** Opening Supplied material block **

(* Let $n$ be a positive integer and $k$ an integer with $0\le k\le n$. Then $$e_k\left(\left\{\csc^2\left(\tfrac{(2j-1)\pi}{4n+2}\right) : j=1,\dots,n\right\}\right) = \frac{(n+k)!\,4^k}{(2k)!\,(n-k)!}.$$
   Context: $e_k(\alpha_1,\dots,\alpha_n)$ denotes the degree-$k$ elementary symmetric function of $\alpha_1,\dots,\alpha_n$ (with $e_0=1$). *)

From Stdlib Require Import Reals List.
Open Scope R_scope.

Fixpoint esym (l : list R) (k : nat) : R :=
  match k with
  | O => 1
  | S k' =>
      match l with
      | nil => 0
      | x :: l' => esym l' (S k') + x * esym l' k'
      end
  end.

Definition csc (x : R) : R := / sin x.

Definition csc2_list (n : nat) : list R :=
  map (fun j : nat => (csc ((2 * INR j - 1) * PI / (4 * INR n + 2))) ^ 2)
      (seq 1 n).

(* For t = theta n j = (2j-1)pi/(4n+2), 1 <= j <= n, we have cos((2n+1)t) = 0
   and cos t <> 0.  The identity cos((2n+1)t) = cos t * Q_n(sin^2 t), where
   Q_0 = 1, Q_1 = 1 - 4X and Q_(n+2) = (2 - 4X) Q_(n+1) - Q_n, therefore makes
   the n distinct numbers sin^2(theta n j) the roots of Q_n, a polynomial of
   degree n with Q_n(0) = 1 and coefficients C(n+k, 2k) (-4)^k.  Hence
   Q_n = prod_j (1 - csc^2(theta n j) X), and comparing the coefficients of X^k
   gives e_k = C(n+k, 2k) 4^k. *)

From Pilot Require Import Defs.
From Stdlib Require Import Reals Lra Lia.
From mathcomp Require all_boot all_order all_algebra Rstruct zify ring.
Open Scope R_scope.

Lemma nat_ind2 (P : nat -> Prop) :
  P 0%nat -> P 1%nat -> (forall n, P n -> P (S n) -> P (S (S n))) ->
  forall n, P n.
Proof.
  intros P0 P1 PSS n.
  enough (P n /\ P (S n)) by tauto.
  induction n as [|n [IH IHS]]; auto.
Qed.

Lemma cos_plus_add_cos_minus a b : cos (a + b) + cos (a - b) = 2 * cos a * cos b.
Proof. rewrite cos_plus, cos_minus. ring. Qed.

Lemma csc2_mul_sin2 x : sin x <> 0 -> csc x ^ 2 * sin x ^ 2 = 1.
Proof. intros Hx. unfold csc. field. exact Hx. Qed.

Definition theta (n j : nat) : R := (2 * INR j - 1) * PI / (4 * INR n + 2).

Lemma theta_bounds n j : (1 <= j <= n)%nat -> 0 < theta n j < PI / 2.
Proof.
  intros [H1 H2]. apply le_INR in H1, H2. simpl in H1.
  assert (Hpi := PI_RGT_0). unfold theta.
  split.
  - apply Rdiv_lt_0_compat; nra.
  - apply Rmult_lt_reg_r with (4 * INR n + 2); [lra|].
    field_simplify; nra.
Qed.

Lemma theta_lt n i j : (i < j)%nat -> theta n i < theta n j.
Proof.
  intros Hij. apply lt_INR in Hij.
  assert (Hpi := PI_RGT_0). assert (Hn := pos_INR n).
  unfold theta, Rdiv. apply Rmult_lt_compat_r.
  - apply Rinv_0_lt_compat. lra.
  - nra.
Qed.

Lemma cos_odd_mul_theta n j : (1 <= j)%nat ->
  cos ((2 * INR n + 1) * theta n j) = 0.
Proof.
  intros Hj. destruct j as [|j]; [lia|].
  apply cos_eq_0_1. exists (Z.of_nat j). rewrite <- INR_IZR_INZ.
  assert (Hn := pos_INR n). unfold theta. rewrite S_INR. field. lra.
Qed.

Lemma sin_theta_pos n j : (1 <= j <= n)%nat -> 0 < sin (theta n j).
Proof. intros Hj. destruct (theta_bounds n j Hj). apply sin_gt_0; lra. Qed.

Lemma sin2_theta_lt n i j : (1 <= i)%nat -> (i < j <= n)%nat ->
  sin (theta n i) ^ 2 < sin (theta n j) ^ 2.
Proof.
  intros Hi Hj.
  destruct (theta_bounds n i ltac:(lia)), (theta_bounds n j ltac:(lia)).
  assert (sin (theta n i) < sin (theta n j)).
  { apply sin_increasing_1; try lra. apply theta_lt. lia. }
  assert (0 < sin (theta n i)) by (apply sin_gt_0; lra).
  nra.
Qed.

Lemma sin2_theta_inj n i j : (1 <= i <= n)%nat -> (1 <= j <= n)%nat ->
  sin (theta n i) ^ 2 = sin (theta n j) ^ 2 -> i = j.
Proof.
  intros Hi Hj Hij.
  destruct (Nat.lt_trichotomy i j) as [Hlt|[Heq|Hgt]]; trivial.
  - pose proof (sin2_theta_lt n i j ltac:(lia) ltac:(lia)). lra.
  - pose proof (sin2_theta_lt n j i ltac:(lia) ltac:(lia)). lra.
Qed.

Section OddMultipleCosine.

Variable f : nat -> R -> R.
Hypothesis f_0 : forall s, f 0%nat s = 1.
Hypothesis f_1 : forall s, f 1%nat s = 1 - 4 * s.
Hypothesis f_SS : forall n s, f (S (S n)) s = (2 - 4 * s) * f (S n) s - f n s.

Lemma cos_odd_mul n t : cos ((2 * INR n + 1) * t) = cos t * f n (sin t ^ 2).
Proof.
  induction n as [| |n IH IHS] using nat_ind2.
  - rewrite f_0. replace ((2 * INR 0 + 1) * t) with t by (simpl; ring). ring.
  - rewrite f_1. replace ((2 * INR 1 + 1) * t) with (2 * t + t) by (simpl; ring).
    rewrite cos_plus, cos_2a_sin, sin_2a. ring.
  - assert (Hsum := cos_plus_add_cos_minus ((2 * INR (S n) + 1) * t) (2 * t)).
    replace ((2 * INR (S n) + 1) * t + 2 * t) with ((2 * INR (S (S n)) + 1) * t)
      in Hsum by (rewrite !S_INR; ring).
    replace ((2 * INR (S n) + 1) * t - 2 * t) with ((2 * INR n + 1) * t)
      in Hsum by (rewrite S_INR; ring).
    rewrite IH, IHS, cos_2a_sin in Hsum.
    rewrite f_SS. lra.
Qed.

Lemma odd_cos_rec_root n j : (1 <= j <= n)%nat -> f n (sin (theta n j) ^ 2) = 0.
Proof.
  intros Hj.
  assert (Hcos : 0 < cos (theta n j)).
  { destruct (theta_bounds n j Hj). apply cos_gt_0; lra. }
  assert (H := cos_odd_mul_theta n j ltac:(lia)).
  rewrite cos_odd_mul in H.
  destruct (Rmult_integral _ _ H); [lra|assumption].
Qed.

End OddMultipleCosine.

(* MathComp is imported only inside this module, so that the notations of the
   final statement keep their Stdlib meaning. *)
Module CscPoly.
Import all_boot all_order all_algebra Rstruct zify ring.
Import Order.TTheory GRing.Theory Num.Theory.

Lemma List_mapE (T U : Type) (f : T -> U) (s : seq T) : List.map f s = map f s.
Proof. by elim: s => //= x s ->. Qed.

Lemma List_seqE m n : List.seq m n = iota m n.
Proof. by elim: n m => //= n IHn m; rewrite IHn. Qed.

Lemma binSS_add_bin m r :
  ('C(m.+2, r.+2) + 'C(m, r.+2) = 2 * 'C(m.+1, r.+2) + 'C(m, r))%N.
Proof. rewrite !binS; lia. Qed.

Section ElementarySymmetric.
Local Open Scope ring_scope.
Implicit Types l : seq R.

Lemma esym0 l : Defs.esym l 0 = 1.
Proof. by case: l. Qed.

Lemma esym_gt_size l k : (size l < k)%N -> Defs.esym l k = 0.
Proof.
elim: l k => [|x l IHl] [|k] //= hk.
by rewrite RplusE RmultE !IHl ?mulr0 ?addr0 //; lia.
Qed.

Lemma coef_prod_1subZX l k :
  (\prod_(c <- l) (1 - c *: 'X))`_k = (-1) ^+ k * Defs.esym l k.
Proof.
elim: l k => [|c l IHl] k.
  by rewrite big_nil coef1; case: k => [|k] /=; rewrite ?mulr1 ?mulr0.
rewrite big_cons mulrBl mul1r -scalerAl coefB coefZ coefXM IHl.
case: k => [|k] /=; first by rewrite esym0 R1E mulr0 subr0.
by rewrite IHl RplusE RmultE exprS; ring.
Qed.

Lemma size_prod_1subZX l :
  (size (\prod_(c <- l) (1 - c *: 'X))%R <= (size l).+1)%N.
Proof.
apply/leq_sizeP => k hk.
by rewrite coef_prod_1subZX esym_gt_size ?mulr0.
Qed.

End ElementarySymmetric.

Section OddCosPoly.
Local Open Scope ring_scope.
Variable K : comNzRingType.

Fixpoint odd_cos_poly (n : nat) : {poly K} :=
  match n with
  | O => 1
  | S O => 1 - 4 *: 'X
  | S ((S m) as m') => (2 - 4 *: 'X) * odd_cos_poly m' - odd_cos_poly m
  end.

Lemma coef_odd_cos_poly n k :
  (odd_cos_poly n)`_k = 'C(n + k, 2 * k)%:R * (-4) ^+ k.
Proof.
elim/nat_ind2: n k => [| |n IHn IHSn] k.
- rewrite /= coef1 add0n; case: k => [|k]; first by rewrite expr0 mulr1.
  by rewrite bin_small ?mul0r //; lia.
- rewrite /= coefB coef1 coefZ coefX.
  case: k => [|[|k]] /=; first by rewrite expr0 !mulr1 mulr0 subr0.
    by rewrite mulr1 sub0r (_ : 'C(1 + 1, 2 * 1) = 1%N) // mul1r.
  by rewrite bin_small ?mul0r ?mulr0 ?subr0 //; lia.
rewrite [odd_cos_poly _.+2]/= mulrBl -scalerAl [2 * _]mulr_natl.
rewrite !coefB coefMn coefZ coefXM !IHSn IHn.
case: k => [|k] /=; first by rewrite !addn0 !bin0 !expr0 !mulr1; ring.
have -> : (2 * k.+1 = (2 * k).+2)%N by lia.
rewrite !addSn !addnS.
set m := (n + k).+1; set r := (2 * k)%N.
have Hbin : 'C(m.+2, r.+2)%:R + 'C(m, r.+2)%:R
    = 2%:R * 'C(m.+1, r.+2)%:R + 'C(m, r)%:R :> K.
  by rewrite -natrM -!natrD binSS_add_bin.
have -> : 'C(m.+2, r.+2)%:R
    = 2%:R * 'C(m.+1, r.+2)%:R + 'C(m, r)%:R - 'C(m, r.+2)%:R :> K.
  by rewrite -Hbin addrK.
by rewrite exprS; ring.
Qed.

Lemma size_odd_cos_poly n : (size (odd_cos_poly n) <= n.+1)%N.
Proof.
apply/leq_sizeP => k hk.
by rewrite coef_odd_cos_poly bin_small ?mul0r //; lia.
Qed.

Lemma odd_cos_poly_at0 n : (odd_cos_poly n).[0] = 1.
Proof. by rewrite horner_coef0 coef_odd_cos_poly addn0 bin0 expr0 mulr1. Qed.

End OddCosPoly.

Section PolyInterpolation.
Local Open Scope ring_scope.

Lemma eq_poly_at_points (D : idomainType) (p q : {poly D}) (xs : seq D) :
  uniq xs -> (size p <= size xs)%N -> (size q <= size xs)%N ->
  {in xs, forall x, p.[x] = q.[x]} -> p = q.
Proof.
move=> uxs sp sq pq; apply/eqP; rewrite -subr_eq0; apply/eqP.
apply: (roots_geq_poly_eq0 (rs := xs)) => //.
  by apply/allP => x /pq pqx; rewrite /root hornerD hornerN pqx subrr.
by rewrite (leq_trans (size_polyD _ _)) // size_polyN geq_max sp sq.
Qed.

End PolyInterpolation.

Section CosecantPoints.
Local Open Scope ring_scope.

Lemma IZR2 : IZR 2 = 2%:R :> R.
Proof. by rewrite IZRposE INRE. Qed.

Lemma IZR4 : IZR 4 = 4%:R :> R.
Proof. by rewrite IZRposE INRE. Qed.

Lemma csc2_listE n : csc2_list n = [seq csc (theta n j) ^+ 2 | j <- iota 1 n].
Proof.
by rewrite /csc2_list List_mapE List_seqE; apply: eq_map => j; rewrite RpowE.
Qed.

Lemma odd_cos_poly_root n j : (1 <= j <= n)%N ->
  (odd_cos_poly R n).[sin (theta n j) ^+ 2] = 0.
Proof.
move=> hj; rewrite -RpowE.
apply: (odd_cos_rec_root (fun m s => (odd_cos_poly R m).[s])); last by lia.
- by move=> s; rewrite hornerC.
- by move=> s; rewrite /= !hornerE RminusE RmultE IZR4.
- by move=> m s; rewrite [odd_cos_poly _ _.+2]/= !hornerE RminusE RmultE IZR2 IZR4.
Qed.

Lemma odd_cos_poly_factor n :
  odd_cos_poly R n = \prod_(c <- csc2_list n) (1 - c *: 'X).
Proof.
pose s j := sin (theta n j) ^+ 2.
have sin_neq0 j : (1 <= j <= n)%N -> sin (theta n j) <> 0.
  by move=> hj; apply: Rgt_not_eq; apply: sin_theta_pos; lia.
have s_gt0 j : (1 <= j <= n)%N -> 0 < s j.
  by move=> hj; rewrite lt0r sqrf_eq0 sqr_ge0 andbT; apply/eqP/sin_neq0.
have csc2_s j : (1 <= j <= n)%N -> csc (theta n j) ^+ 2 * s j = 1.
  by move=> hj; rewrite /s -!RpowE -RmultE csc2_mul_sin2 //; apply: sin_neq0.
apply: (@eq_poly_at_points _ _ _ (0 :: [seq s j | j <- iota 1 n])).
- rewrite /= map_inj_in_uniq ?iota_uniq ?andbT.
    apply/mapP => -[j]; rewrite mem_iota => hj s0.
    by move: (s_gt0 j ltac:(lia)); rewrite -s0 ltxx.
  move=> i j; rewrite !mem_iota /s -!RpowE => hi hj.
  by apply: sin2_theta_inj; lia.
- by rewrite /= size_map size_iota size_odd_cos_poly.
- rewrite /= size_map size_iota (leq_trans (size_prod_1subZX _)) //.
  by rewrite csc2_listE size_map size_iota.
move=> x; rewrite inE => /predU1P [-> | /mapP [j]].
  by rewrite odd_cos_poly_at0 horner_prod big1 // => c _; rewrite !hornerE subr0.
rewrite mem_iota => hj ->; rewrite odd_cos_poly_root; last by lia.
rewrite horner_prod; apply/esym/eqP; rewrite prodf_seq_eq0; apply/hasP.
exists (csc (theta n j) ^+ 2).
  by rewrite csc2_listE; apply/mapP; exists j; rewrite ?mem_iota.
by rewrite hornerD hornerN hornerZ hornerX hornerC csc2_s ?subrr ?eqxx //; lia.
Qed.

Lemma esym_csc2_list n k :
  Defs.esym (csc2_list n) k = 'C(n + k, 2 * k)%:R * 4 ^+ k.
Proof.
have := coef_odd_cos_poly R n k.
rewrite odd_cos_poly_factor coef_prod_1subZX (exprNn 4) mulrCA.
by move/(congr1 ( *%R ((-1) ^+ k))); rewrite !signrMK.
Qed.

End CosecantPoints.

Lemma esym_csc2_list_binomial n k :
  Defs.esym (csc2_list n) k = INR 'C(n + k, 2 * k) * 4 ^ k.
Proof. by rewrite esym_csc2_list INRE RpowE RmultE IZR4. Qed.

Lemma INR_binomial m p : (p <= m)%N -> INR 'C(m, p) = Binomial.C m p.
Proof.
move=> hpm; rewrite /Binomial.C minusE !factE -(bin_fact hpm) !INRE.
rewrite RdivE RmultE -natrM natrM mulfK //.
by rewrite pnatr_eq0 -lt0n muln_gt0 !fact_gt0.
Qed.

End CscPoly.

Theorem mainTheorem11 (n k : nat) (hn : (1 <= n)%nat) (hk : (k <= n)%nat) :
  esym (csc2_list n) k =
  INR (Factorial.fact (n + k)) * 4 ^ k / (INR (Factorial.fact (2 * k)) * INR (Factorial.fact (n - k))).
Proof.
  rewrite CscPoly.esym_csc2_list_binomial, CscPoly.INR_binomial by lia.
  rewrite <- ssrnat.plusE, <- ssrnat.multE.
  unfold Binomial.C. replace (n + k - 2 * k)%nat with (n - k)%nat by lia.
  unfold Rdiv. ring.
Qed.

** Closing Supplied material block **

As the answer, set down only the lines from the data above between the one holding "match n with" and the one holding "case: k => [|[|k]]", inclusive, exactly as they read.

=== Result ===
  match n with
  | O => 1
  | S O => 1 - 4 *: 'X
  | S ((S m) as m') => (2 - 4 *: 'X) * odd_cos_poly m' - odd_cos_poly m
  end.

Lemma coef_odd_cos_poly n k :
  (odd_cos_poly n)`_k = 'C(n + k, 2 * k)%:R * (-4) ^+ k.
Proof.
elim/nat_ind2: n k => [| |n IHn IHSn] k.
- rewrite /= coef1 add0n; case: k => [|k]; first by rewrite expr0 mulr1.
  by rewrite bin_small ?mul0r //; lia.
- rewrite /= coefB coef1 coefZ coefX.
  case: k => [|[|k]] /=; first by rewrite expr0 !mulr1 mulr0 subr0.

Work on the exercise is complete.